● **Your goal**
An exact copy of every record below is what's needed here.

● **Input data**

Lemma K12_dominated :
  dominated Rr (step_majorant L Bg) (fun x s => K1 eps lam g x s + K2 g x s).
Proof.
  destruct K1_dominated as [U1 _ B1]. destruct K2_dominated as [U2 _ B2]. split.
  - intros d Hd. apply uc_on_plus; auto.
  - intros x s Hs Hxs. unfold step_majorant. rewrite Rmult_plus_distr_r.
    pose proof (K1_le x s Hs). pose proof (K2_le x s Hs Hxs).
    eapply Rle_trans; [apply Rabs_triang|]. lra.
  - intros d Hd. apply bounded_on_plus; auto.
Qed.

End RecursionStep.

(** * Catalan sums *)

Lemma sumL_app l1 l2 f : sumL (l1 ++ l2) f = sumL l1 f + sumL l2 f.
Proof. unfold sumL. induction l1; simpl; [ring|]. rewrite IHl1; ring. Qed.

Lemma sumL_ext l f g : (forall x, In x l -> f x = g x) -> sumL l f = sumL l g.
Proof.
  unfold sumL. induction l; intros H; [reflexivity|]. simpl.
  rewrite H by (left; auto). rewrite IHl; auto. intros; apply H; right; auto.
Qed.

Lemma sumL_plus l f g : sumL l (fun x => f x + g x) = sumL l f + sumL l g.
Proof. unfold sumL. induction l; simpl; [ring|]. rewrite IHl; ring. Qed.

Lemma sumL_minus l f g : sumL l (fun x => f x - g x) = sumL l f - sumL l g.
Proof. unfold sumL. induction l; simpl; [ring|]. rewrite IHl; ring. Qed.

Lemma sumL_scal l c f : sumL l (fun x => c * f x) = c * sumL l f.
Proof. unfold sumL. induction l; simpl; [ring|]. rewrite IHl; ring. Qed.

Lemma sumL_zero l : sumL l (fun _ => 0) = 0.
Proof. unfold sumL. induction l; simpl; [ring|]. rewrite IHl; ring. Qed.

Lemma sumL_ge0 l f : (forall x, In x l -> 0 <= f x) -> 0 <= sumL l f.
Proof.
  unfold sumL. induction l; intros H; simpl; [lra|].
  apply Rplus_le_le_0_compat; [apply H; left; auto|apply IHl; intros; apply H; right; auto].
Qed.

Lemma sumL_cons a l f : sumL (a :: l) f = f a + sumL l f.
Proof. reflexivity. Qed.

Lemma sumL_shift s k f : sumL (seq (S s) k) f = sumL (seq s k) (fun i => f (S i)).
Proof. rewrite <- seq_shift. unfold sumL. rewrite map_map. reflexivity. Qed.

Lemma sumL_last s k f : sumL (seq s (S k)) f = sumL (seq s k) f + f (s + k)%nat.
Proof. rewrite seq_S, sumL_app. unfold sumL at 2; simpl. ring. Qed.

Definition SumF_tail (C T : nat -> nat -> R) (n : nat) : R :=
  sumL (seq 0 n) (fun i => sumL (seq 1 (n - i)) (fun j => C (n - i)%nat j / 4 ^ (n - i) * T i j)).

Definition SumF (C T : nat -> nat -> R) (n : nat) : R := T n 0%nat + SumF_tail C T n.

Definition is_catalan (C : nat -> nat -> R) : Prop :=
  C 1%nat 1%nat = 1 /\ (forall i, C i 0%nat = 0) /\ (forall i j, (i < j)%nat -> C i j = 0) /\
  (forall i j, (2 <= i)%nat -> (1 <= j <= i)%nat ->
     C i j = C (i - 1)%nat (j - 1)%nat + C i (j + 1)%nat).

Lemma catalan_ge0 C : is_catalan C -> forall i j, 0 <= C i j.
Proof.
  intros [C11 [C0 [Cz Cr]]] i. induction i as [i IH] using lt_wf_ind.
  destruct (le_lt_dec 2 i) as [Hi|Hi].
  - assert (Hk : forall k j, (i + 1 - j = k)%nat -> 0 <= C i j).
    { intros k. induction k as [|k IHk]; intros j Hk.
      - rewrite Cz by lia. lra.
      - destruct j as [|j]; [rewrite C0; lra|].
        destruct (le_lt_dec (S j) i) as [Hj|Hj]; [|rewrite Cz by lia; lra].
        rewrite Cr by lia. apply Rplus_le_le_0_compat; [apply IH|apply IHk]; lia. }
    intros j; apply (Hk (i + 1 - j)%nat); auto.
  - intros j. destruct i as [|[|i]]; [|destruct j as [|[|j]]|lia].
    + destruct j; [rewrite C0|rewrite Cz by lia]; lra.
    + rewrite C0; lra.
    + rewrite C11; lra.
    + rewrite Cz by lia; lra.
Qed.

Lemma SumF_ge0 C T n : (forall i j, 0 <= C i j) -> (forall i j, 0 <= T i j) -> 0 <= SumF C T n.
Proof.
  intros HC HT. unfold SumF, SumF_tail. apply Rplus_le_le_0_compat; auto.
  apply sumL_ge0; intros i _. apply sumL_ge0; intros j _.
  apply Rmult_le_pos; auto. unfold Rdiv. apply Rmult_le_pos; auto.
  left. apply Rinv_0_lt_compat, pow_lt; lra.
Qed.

● **Task response**
Lemma K12_dominated :
  dominated Rr (step_majorant L Bg) (fun x s => K1 eps lam g x s + K2 g x s).
Proof.
  destruct K1_dominated as [U1 _ B1]. destruct K2_dominated as [U2 _ B2]. split.
  - intros d Hd. apply uc_on_plus; auto.
  - intros x s Hs Hxs. unfold step_majorant. rewrite Rmult_plus_distr_r.
    pose proof (K1_le x s Hs). pose proof (K2_le x s Hs Hxs).
    eapply Rle_trans; [apply Rabs_triang|]. lra.
  - intros d Hd. apply bounded_on_plus; auto.
Qed.

End RecursionStep.

(** * Catalan sums *)

Lemma sumL_app l1 l2 f : sumL (l1 ++ l2) f = sumL l1 f + sumL l2 f.
Proof. unfold sumL. induction l1; simpl; [ring|]. rewrite IHl1; ring. Qed.

Lemma sumL_ext l f g : (forall x, In x l -> f x = g x) -> sumL l f = sumL l g.
Proof.
  unfold sumL. induction l; intros H; [reflexivity|]. simpl.
  rewrite H by (left; auto). rewrite IHl; auto. intros; apply H; right; auto.
Qed.

Lemma sumL_plus l f g : sumL l (fun x => f x + g x) = sumL l f + sumL l g.
Proof. unfold sumL. induction l; simpl; [ring|]. rewrite IHl; ring. Qed.

Lemma sumL_minus l f g : sumL l (fun x => f x - g x) = sumL l f - sumL l g.
Proof. unfold sumL. induction l; simpl; [ring|]. rewrite IHl; ring. Qed.

Lemma sumL_scal l c f : sumL l (fun x => c * f x) = c * sumL l f.
Proof. unfold sumL. induction l; simpl; [ring|]. rewrite IHl; ring. Qed.

Lemma sumL_zero l : sumL l (fun _ => 0) = 0.
Proof. unfold sumL. induction l; simpl; [ring|]. rewrite IHl; ring. Qed.

Lemma sumL_ge0 l f : (forall x, In x l -> 0 <= f x) -> 0 <= sumL l f.
Proof.
  unfold sumL. induction l; intros H; simpl; [lra|].
  apply Rplus_le_le_0_compat; [apply H; left; auto|apply IHl; intros; apply H; right; auto].
Qed.

Lemma sumL_cons a l f : sumL (a :: l) f = f a + sumL l f.
Proof. reflexivity. Qed.

Lemma sumL_shift s k f : sumL (seq (S s) k) f = sumL (seq s k) (fun i => f (S i)).
Proof. rewrite <- seq_shift. unfold sumL. rewrite map_map. reflexivity. Qed.

Lemma sumL_last s k f : sumL (seq s (S k)) f = sumL (seq s k) f + f (s + k)%nat.
Proof. rewrite seq_S, sumL_app. unfold sumL at 2; simpl. ring. Qed.

Definition SumF_tail (C T : nat -> nat -> R) (n : nat) : R :=
  sumL (seq 0 n) (fun i => sumL (seq 1 (n - i)) (fun j => C (n - i)%nat j / 4 ^ (n - i) * T i j)).

Definition SumF (C T : nat -> nat -> R) (n : nat) : R := T n 0%nat + SumF_tail C T n.

Definition is_catalan (C : nat -> nat -> R) : Prop :=
  C 1%nat 1%nat = 1 /\ (forall i, C i 0%nat = 0) /\ (forall i j, (i < j)%nat -> C i j = 0) /\
  (forall i j, (2 <= i)%nat -> (1 <= j <= i)%nat ->
     C i j = C (i - 1)%nat (j - 1)%nat + C i (j + 1)%nat).

Lemma catalan_ge0 C : is_catalan C -> forall i j, 0 <= C i j.
Proof.
  intros [C11 [C0 [Cz Cr]]] i. induction i as [i IH] using lt_wf_ind.
  destruct (le_lt_dec 2 i) as [Hi|Hi].
  - assert (Hk : forall k j, (i + 1 - j = k)%nat -> 0 <= C i j).
    { intros k. induction k as [|k IHk]; intros j Hk.
      - rewrite Cz by lia. lra.
      - destruct j as [|j]; [rewrite C0; lra|].
        destruct (le_lt_dec (S j) i) as [Hj|Hj]; [|rewrite Cz by lia; lra].
        rewrite Cr by lia. apply Rplus_le_le_0_compat; [apply IH|apply IHk]; lia. }
    intros j; apply (Hk (i + 1 - j)%nat); auto.
  - intros j. destruct i as [|[|i]]; [|destruct j as [|[|j]]|lia].
    + destruct j; [rewrite C0|rewrite Cz by lia]; lra.
    + rewrite C0; lra.
    + rewrite C11; lra.
    + rewrite Cz by lia; lra.
Qed.

Lemma SumF_ge0 C T n : (forall i j, 0 <= C i j) -> (forall i j, 0 <= T i j) -> 0 <= SumF C T n.
Proof.
  intros HC HT. unfold SumF, SumF_tail. apply Rplus_le_le_0_compat; auto.
  apply sumL_ge0; intros i _. apply sumL_ge0; intros j _.
  apply Rmult_le_pos; auto. unfold Rdiv. apply Rmult_le_pos; auto.
  left. apply Rinv_0_lt_compat, pow_lt; lra.
Qed.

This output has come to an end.